== Record extracts ==
(* The rules of $\mathbf{LMT}^{\rightarrow}$ are invertible: for each rule, validity of its conclusion implies validity of its premises.
   Context: Formulas are built from atoms using only $\rightarrow$, interpreted in Kripke models $\langle U,\preceq,\mathcal V\rangle$ ($\preceq$ partial order, $\mathcal V$ monotone; $\alpha_1\rightarrow\alpha_2$ forced at $i$ iff for all $j\succeq i$ forcing $\alpha_1$, $\alpha_2$ is forced at $j$). $\Gamma\models\varphi$ means every world of every model forcing all of $\Gamma$ forces $\varphi$. An $\mathbf{LMT}^{\rightarrow}$ sequent has the form $\{\Delta'\},\Upsilon_1^{p_1},\dots,\Upsilon_n^{p_n},\Delta\Rightarrow[p_1,\dots,p_n],\varphi$ with $\Delta,\Upsilon_i$ bags of formulas, $\Upsilon_i^{p_i}$ the formulas of $\Upsilon_i$ labeled by atom $p_i$, $\Delta'\subseteq\Delta$ a set, $p_1,\dots,p_n$ a repetition-free sequence of atoms. Such a sequent is valid iff $\Delta',\Delta\models\varphi$ or there exists $i\in\{1,\dots,n\}$ with $\bigcup_{k=1}^{i}\Upsilon_k^{p_k}\models p_i$ (labels ignored). Write $\overline{\Upsilon}$ for $\Upsilon_1^{p_1},\dots,\Upsilon_n^{p_n}$, $\bar p$ for $p_1,\dots,p_n$, $\Delta^q$ for $\Delta$ labeled by $q$. Rules (with $\Delta'\subseteq\Delta$): Focus: from $\{\Delta',\alpha\},\overline{\Upsilon},\Delta,\alpha\Rightarrow[\bar p],\beta$ infer $\{\Delta'\},\overline{\Upsilon},\Delta,\alpha\Rightarrow[\bar p],\beta$. Restart: from $\{\},\Upsilon_1,\dots,\Upsilon_i,\Upsilon_{i+1}^{p_{i+1}},\dots,\Upsilon_n^{p_n},\Delta^q\Rightarrow[p_1,\dots,p_{i+1},\dots,p_n,q],p_i$ infer $\{\Delta'\},\Upsilon_1^{p_1},\dots,\Upsilon_n^{p_n},\Delta\Rightarrow[p_1,\dots,p_n],q$. $\rightarrow$-right: from $\{\Delta'\},\overline{\Upsilon},\Delta,\alpha\Rightarrow[\bar p],\beta$ infer $\{\Delta'\},\overline{\Upsilon},\Delta\Rightarrow[\bar p],\alpha\rightarrow\beta$. $\rightarrow$-left: from $\{\alpha\rightarrow\beta,\Delta'\},\overline{\Upsilon},\Delta^q,\Delta\Rightarrow[\bar p,q],\alpha$ and $\{\alpha\rightarrow\beta,\Delta'\},\overline{\Upsilon},\Delta,\beta\Rightarrow[\bar p],q$ infer $\{\alpha\rightarrow\beta,\Delta'\},\overline{\Upsilon},\Delta\Rightarrow[\bar p],q$. The axiom is $\{\Delta',q\},\overline{\Upsilon},\Delta\Rightarrow[\bar p],q$. *)

From Stdlib Require Import List.
Import ListNotations.

Inductive form : Type :=
| Atom : nat -> form
| Imp : form -> form -> form.

Record kmodel : Type := {
  kW :> Type;
  kle : kW -> kW -> Prop;
  kle_refl : forall w, kle w w;
  kle_trans : forall u v w, kle u v -> kle v w -> kle u w;
  kle_antisym : forall u v, kle u v -> kle v u -> u = v;
  kval : kW -> nat -> Prop;
  kval_mono : forall u v p, kle u v -> kval u p -> kval v p
}.

Fixpoint forces (M : kmodel) (w : M) (f : form) : Prop :=
  match f with
  | Atom p => kval M w p
  | Imp a b => forall w' : M, kle M w w' -> forces M w' a -> forces M w' b
  end.

Definition entails (G : list form) (phi : form) : Prop :=
  forall (M : kmodel) (w : M), (forall g, In g G -> forces M w g) -> forces M w phi.

(* A sequent {D'}, Y_1^{p_1},...,Y_n^{p_n}, D => [p_1,...,p_n], phi.
   [sups] is the list of pairs (Y_k, p_k) (bag Y_k with its label p_k),
   so that the label sequence [p_1,...,p_n] is [map snd sups]. Bags are lists. *)
Record sequent : Type := mkSeq {
  sfoc : list form;
  sups : list (list form * nat);
  sctx : list form;
  sgoal : form
}.

Definition labels (s : sequent) : list nat := map snd (sups s).

(* Validity: D', D |= phi, or for some i (0-based here), the union of
   Y_1..Y_{i+1} (labels ignored) entails the atom p_{i+1}. *)
Definition valid (s : sequent) : Prop :=
  entails (sfoc s ++ sctx s) (sgoal s) \/
  exists i, i < length (sups s) /\
    entails (concat (map fst (firstn (S i) (sups s))))
            (Atom (snd (nth i (sups s) ([], 0)))).

(* Each instance
   requires the side condition D' ⊆ D, and that the label sequences of the
   involved sequents be repetition-free (as required of sequents). *)
Inductive lmt_rule : list sequent -> sequent -> Prop :=
| r_axiom : forall D' U D q,
    incl (Atom q :: D') D -> NoDup (map snd U) ->
    lmt_rule [] (mkSeq (Atom q :: D') U D (Atom q))
| r_focus : forall D' U D a b,
    incl D' D -> NoDup (map snd U) ->
    lmt_rule [mkSeq (a :: D') U (a :: D) b]
             (mkSeq D' U (a :: D) b)
| r_restart : forall D' U D q i,
    incl D' D -> NoDup (map snd U) -> ~ In q (map snd U) ->
    i < length U ->
    lmt_rule [mkSeq [] (U ++ [(D, q)])
                    (concat (map fst (firstn (S i) U)))
                    (Atom (snd (nth i U ([], 0))))]
             (mkSeq D' U D (Atom q))
| r_impR : forall D' U D a b,
    incl D' D -> NoDup (map snd U) ->
    lmt_rule [mkSeq D' U (a :: D) b]
             (mkSeq D' U D (Imp a b))
| r_impL : forall D' U D a b q,
    incl (Imp a b :: D') D -> NoDup (map snd U) -> ~ In q (map snd U) ->
    lmt_rule [mkSeq (Imp a b :: D') (U ++ [(D, q)]) D a;
              mkSeq (Imp a b :: D') U (b :: D) (Atom q)]
             (mkSeq (Imp a b :: D') U D (Atom q)).

(* Focus, ->-right and the right premise of ->-left keep the labelled bags
   and only enlarge the left-hand side (for ->-right, Delta |= alpha -> beta
   gives Delta, alpha |= beta by reflexivity of the order), so both disjuncts
   of validity are inherited. Restart and the left premise of ->-left append
   the bag Delta labelled by the old goal q: since Delta' is contained in
   Delta, Delta', Delta |= q makes this last bag entail its label, and an
   earlier bag entailing its label is unaffected by the appended one. *)

From Stdlib Require Import List Lia.
Import ListNotations.

Definition some_label_entailed (U : list (list form * nat)) : Prop :=
  exists i, i < length U /\
    entails (concat (map fst (firstn (S i) U))) (Atom (snd (nth i U ([], 0)))).

Lemma entails_weaken (G G' : list form) (phi : form) :
  incl G G' -> entails G phi -> entails G' phi.
Proof. intros HGG' H M w Hw. apply H. intros g Hg. apply Hw, HGG', Hg. Qed.

Lemma entails_imp_inv (G : list form) (a b : form) :
  entails G (Imp a b) -> entails (a :: G) b.
Proof.
  intros H M w Hw. apply (H M w).
  - intros g Hg. apply Hw. right. exact Hg.
  - apply kle_refl.
  - apply Hw. left. reflexivity.
Qed.

Lemma some_label_entailed_app (U X : list (list form * nat)) :
  some_label_entailed U -> some_label_entailed (U ++ X).
Proof.
  intros [i [Hi H]]. exists i. split.
  - rewrite length_app. lia.
  - rewrite firstn_app, app_nth1 by lia.
    replace (S i - length U) with 0 by lia.
    rewrite firstn_O, app_nil_r. exact H.
Qed.

Lemma some_label_entailed_last (U : list (list form * nat)) (D : list form) (q : nat) :
  entails (concat (map fst U) ++ D) (Atom q) -> some_label_entailed (U ++ [(D, q)]).
Proof.
  intros H. exists (length U). split.
  - rewrite length_app. simpl. lia.
  - rewrite firstn_all2 by (rewrite length_app; simpl; lia).
    rewrite app_nth2 by lia. replace (length U - length U) with 0 by lia.
    rewrite map_app, concat_app. simpl. rewrite app_nil_r. exact H.
Qed.

Lemma valid_mono (s s' : sequent) :
  sups s = sups s' ->
  (entails (sfoc s ++ sctx s) (sgoal s) -> entails (sfoc s' ++ sctx s') (sgoal s')) ->
  valid s -> valid s'.
Proof.
  unfold valid. intros Hsups Hent [H|H].
  - left. exact (Hent H).
  - right. rewrite <- Hsups. exact H.
Qed.

Lemma valid_push_goal (D' D D'' G : list form) (U : list (list form * nat))
    (q : nat) (phi : form) :
  incl D' D -> valid (mkSeq D' U D (Atom q)) ->
  valid (mkSeq D'' (U ++ [(D, q)]) G phi).
Proof.
  unfold valid; simpl. intros HD' [H|H]; right.
  - apply some_label_entailed_last. revert H. apply entails_weaken.
    apply incl_app; apply incl_appr; [exact HD' | apply incl_refl].
  - exact (some_label_entailed_app U _ H).
Qed.

Theorem lemma3 :
  forall (prems : list sequent) (concl : sequent),
    lmt_rule prems concl -> valid concl ->
    forall s, In s prems -> valid s.
Proof.
  intros prems concl Hrule Hvalid s Hs.
  destruct Hrule as [| D' U D a b HD' _ | D' U D q i HD' _ _ _
                     | D' U D a b HD' _ | D' U D a b q HD' _ _];
    simpl in Hs; decompose sum Hs; subst s; clear Hs.
  - revert Hvalid. apply valid_mono; [reflexivity |]. apply entails_weaken.
    intros f. simpl. rewrite !in_app_iff. simpl. tauto.
  - exact (valid_push_goal _ _ _ _ _ _ _ HD' Hvalid).
  - revert Hvalid. apply valid_mono; [reflexivity |]. simpl. intros Himp.
    apply entails_imp_inv in Himp. revert Himp. apply entails_weaken.
    intros f. simpl. rewrite !in_app_iff. simpl. tauto.
  - exact (valid_push_goal _ _ _ _ _ _ _ HD' Hvalid).
  - revert Hvalid. apply valid_mono; [reflexivity |]. apply entails_weaken.
    intros f. simpl. rewrite !in_app_iff. simpl. tauto.
Qed.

== The task ==
In the listing above, find the line containing "(labels ignored) entails" and the line containing "requires the side", then repeat those two lines and everything between them exactly.

== Exercise answer ==
   Y_1..Y_{i+1} (labels ignored) entails the atom p_{i+1}. *)
Definition valid (s : sequent) : Prop :=
  entails (sfoc s ++ sctx s) (sgoal s) \/
  exists i, i < length (sups s) /\
    entails (concat (map fst (firstn (S i) (sups s))))
            (Atom (snd (nth i (sups s) ([], 0)))).

(* Each instance
   requires the side condition D' ⊆ D, and that the label sequences of the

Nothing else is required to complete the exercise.